Honourable senators, we are not saying that all those who have developed hepatitis C should be eligible for compensation, as we all know that hepatitis C can be contracted through other means, such as dirty needles. We are speaking about those that Mr. Justice Krever also wants to receive compensation. It is those who long before 1986 could have benefited from testing procedures that were available and that were not adopted by those responsible for the blood supply. These people are the subject of our motion. I wish to make that very clear, and if need be, I will repeat it on another occasion.

It is not, as the Prime Minister has suggested, that if we apply compensation to a certain category of victims, then the government would be open to lawsuits from those who may contract cancer from cigarette smoking or those who would contract hepatitis C from dirty needles. That completely obscures the issue and gets away from the tragedy which was caused by negligence.

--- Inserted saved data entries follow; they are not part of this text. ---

Lemma PhiE : Phi x = inf (max_angle x @` usphere d).
Proof. by []. Qed.

Lemma max_angle_ge0 v : 0 <= max_angle x v.
Proof. exact: bigmax_ge_id. Qed.

Lemma Phi_le_max_angle v : v \in usphere d -> Phi x <= max_angle x v.
Proof.
move=> /set_mem v_in; apply: ge_inf; last by exists v.
by exists 0 => _ [u _ <-]; exact: max_angle_ge0.
Qed.

Lemma Phi_ge0 v : v \in usphere d -> 0 <= Phi x.
Proof.
move=> /set_mem v_in; apply: lb_le_inf; first by exists (max_angle x v), v.
by move=> _ [u _ <-]; exact: max_angle_ge0.
Qed.

Hypothesis x_unit : forall i, dotv (x i) (x i) = 1.

Lemma max_angle_le_acos v a : dotv v v = 1 -> -1 <= a <= 1 ->
  (forall i, a <= dotv v (x i)) -> max_angle x v <= acos a.
Proof.
move=> v_unit a_in a_le; apply: bigmax_le => [|i _]; first exact: acos_ge0.
rewrite vangle_unit // ler_acos ?in_itv //=.
exact: dotv_unit_bound.
Qed.

Lemma max_angle_lepi v : dotv v v = 1 -> max_angle x v <= pi.
Proof.
move=> v_unit; rewrite -acosN1; apply: max_angle_le_acos => // [|i].
  by apply/andP; split; lra.
by case/andP: (dotv_unit_bound v_unit (x_unit i)).
Qed.

Lemma cos_max_angle_le v j : dotv v v = 1 -> cos (max_angle x v) <= dotv v (x j).
Proof.
move=> v_unit; rewrite -acos_le ?dotv_unit_bound ?max_angle_ge0 ?max_angle_lepi //.
by rewrite -vangle_unit //; exact: le_bigmax.
Qed.

End MaxAngle.

Definition cap (R : realType) d (w : 'rV[R]_d) (lam : R) : set 'rV[R]_d :=
  [set y | dotv y y = 1 /\ lam <= dotv w y].

Lemma projS_cap (R : realType) d (w z : 'rV[R]_d) (lam s : R) :
  dotv w w = 1 -> 0 < lam -> 0 < s -> norm2 z <= s -> lam * s <= dotv w z ->
  cap w lam (projS z).
Proof.
move=> w_unit lam_gt0 s_gt0 z_le z_ge.
have z_gt0 : 0 < norm2 z.
  by apply: lt_le_trans (dotv_le_norm2 z w_unit); apply: lt_le_trans z_ge; rewrite mulr_gt0.
split; first exact: projS_unit.
rewrite dotv_projS ler_pdivlMr //; apply: le_trans _ z_ge.
exact: (ler_wpM2l (ltW lam_gt0) z_le).
Qed.

Lemma sum_delta_scale (R : pzRingType) (V : lmodType R) n (i : 'I_n) (y : 'I_n -> V) :
  \sum_j (i == j)%:R *: y j = y i.
Proof.
rewrite (bigD1 i) //= eqxx scale1r big1 ?addr0 // => j j_neq.
by rewrite eq_sym (negbTE j_neq) scale0r.
Qed.

Definition party_coef (R : realType) n (eta : 'I_n -> 'I_n -> R) (i k : 'I_n) : R :=
  (i == k)%:R + eta i k.

Section PartyUpdate.
Variables (R : realType) (n d : nat) (eta : 'I_n -> 'I_n -> R).
Hypothesis eta_ge0 : forall i j, 0 <= eta i j.
Implicit Types y : 'I_n -> 'rV[R]_d.

Lemma party_coef_ge0 i k : 0 <= party_coef eta i k.
Proof. by rewrite addr_ge0. Qed.

Lemma sum_party_coef i : \sum_k party_coef eta i k = 1 + \sum_k eta i k.
Proof.
rewrite big_split /= (bigD1 i) //= eqxx big1 ?addr0 // => k k_neq.
by rewrite eq_sym (negbTE k_neq).
Qed.

Lemma one_add_sum_eta_gt0 i : 0 < 1 + \sum_k eta i k.
Proof. by apply: ltr_wpDr ltr01; apply: sumr_ge0. Qed.

Lemma party_update_comb y i :
  party_update eta y i = projS (\sum_k party_coef eta i k *: y k).
Proof.
rewrite /party_update; congr projS.
by under [RHS]eq_bigr do rewrite scalerDl; rewrite big_split /= sum_delta_scale.
Qed.

Variables (w : 'rV[R]_d) (lam : R).
Hypotheses (w_unit : dotv w w = 1) (lam_gt0 : 0 < lam).

Lemma party_comb_bounds y i : (forall k, cap w lam (y k)) ->
  norm2 (\sum_k party_coef eta i k *: y k) <= 1 + \sum_k eta i k /\
  lam * (1 + \sum_k eta i k) <= dotv w (\sum_k party_coef eta i k *: y k).
Proof.
move=> y_cap; rewrite -sum_party_coef; split.
  exact: (norm2_comb_le (fun k => proj1 (y_cap k)) (party_coef_ge0 i)).
exact: (dotv_comb_ge (party_coef_ge0 i) (fun k => proj2 (y_cap k))).
Qed.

Accidents in operating rooms and treatment which could have been avoided are one thing when caused by mistake. However, here we are speaking about deliberate negligence. It was known that testing procedures were available as early as 1971, primitive as they may have been. It was known by 1981 that two testing procedures could have, together, detected tainted blood with about 60 per cent efficiency. No testing procedure was adopted in this country, although one was adopted by the New York blood banks from 1982 onwards. Testing procedures in this country were not adopted until 1990, whereas other countries, such as Germany and the United States, adopted them years before.

Honourable senators, there was deliberate negligence by the authorities in this country and refusal to adopt any testing procedure just to save a few million dollars. No matter how rudimentary or primitive, it was still there and available. The victims of that negligence are the ones the Senate should support for compensation.

I hope that either today or tomorrow, the Deputy Leader of the Government can assure us that this motion, after sufficient debate, will be brought to a vote before we adjourn for the summer.

On motion of senator Gigantès, debate adjourned.

The Senate adjourned until Wednesday, June 10, 1998, at 1:30 p.m.